**Description of the task**
Precisely the lines from the one with "(* A unit interval" through the end of the data, both included, must make up the response, each restated word for word.

---------- Records for the task ----------

(* For every $U\in\mathcal U_n$ there is exactly one sequence $w$ which is the area sequence of a Dyck path of length $n$ and such that $P(w)$ is isomorphic to $U$ as a poset; moreover this sequence equals $q(U)$.
   Context: A unit interval order on $\{1,\dots,n\}$ is a relation $\prec$ such that there are closed intervals $I_1,\dots,I_n$ of length $1$ in $\mathbb R$, numbered from left to right, with $i\prec j$ iff $I_i$ lies strictly to the left of $I_j$; $\mathcal U_n$ is the set of these. Area sequences of Dyck paths of length $n$ are the sequences $(a_1,\dots,a_n)$ of nonnegative integers with $a_1=0$ and $a_i\le a_{i-1}+1$. For a sequence $w=(w_1,\dots,w_n)$ of nonnegative integers, $P(w)$ is the poset on $\{1,\dots,n\}$ with $i\prec j$ iff $w_j-w_i\ge2$, or $w_j-w_i=1$ and $i<j$. Levels: $\ell(1)=0$ and $\ell(j)=\max_{i\prec j}\ell(i)+1$ for $j\ge2$, with $\ell(j)=0$ if no $i\prec j$. Algorithm: $q_1=(0)$; given $q_{i-1}$, let $C_i$ be the number of $k\prec i$ with $\ell(k)=\ell(i)-1$, and obtain $q_i$ by inserting a letter $\ell(i)$ into $q_{i-1}$ directly after the (possibly empty) run of letters $\ell(i)$ immediately following the $C_i$-th occurrence of the letter $\ell(i)-1$ (the 0-th occurrence meaning the start of the word); $q(U)=q_n$. *)

From Stdlib Require Import Reals.
From mathcomp Require Import all_boot.

Set Implicit Arguments.
Unset Strict Implicit.
Unset Printing Implicit Defensive.

(* Elements 1..n of the paper are the ordinals 0..n-1 of 'I_n (shift by one). *)

(* A unit interval order on {1..n}: there are reals x_1 <= ... <= x_n
   (left endpoints of the unit intervals I_i = [x_i, x_i + 1], numbered from
   left to right) such that i < j in the order iff I_i lies strictly to the
   left of I_j, i.e. x_i + 1 < x_j. *)
Definition unit_interval_order (n : nat) (U : rel 'I_n) : Prop :=
  exists x : 'I_n -> R,
    (forall i j : 'I_n, i <= j -> Rle (x i) (x j)) /\
    (forall i j : 'I_n, U i j <-> Rlt (Rplus (x i) 1) (x j)).

Definition area_seq (n : nat) (w : seq nat) : Prop :=
  size w = n /\ (0 < n -> nth 0 w 0 = 0) /\
  (forall i, 0 < i -> i < n -> nth 0 w i <= (nth 0 w i.-1).+1).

----------

**Exercise answer**
(* A unit interval order on {1..n}: there are reals x_1 <= ... <= x_n
   (left endpoints of the unit intervals I_i = [x_i, x_i + 1], numbered from
   left to right) such that i < j in the order iff I_i lies strictly to the
   left of I_j, i.e. x_i + 1 < x_j. *)
Definition unit_interval_order (n : nat) (U : rel 'I_n) : Prop :=
  exists x : 'I_n -> R,
    (forall i j : 'I_n, i <= j -> Rle (x i) (x j)) /\
    (forall i j : 'I_n, U i j <-> Rlt (Rplus (x i) 1) (x j)).

Definition area_seq (n : nat) (w : seq nat) : Prop :=
  size w = n /\ (0 < n -> nth 0 w 0 = 0) /\
  (forall i, 0 < i -> i < n -> nth 0 w i <= (nth 0 w i.-1).+1).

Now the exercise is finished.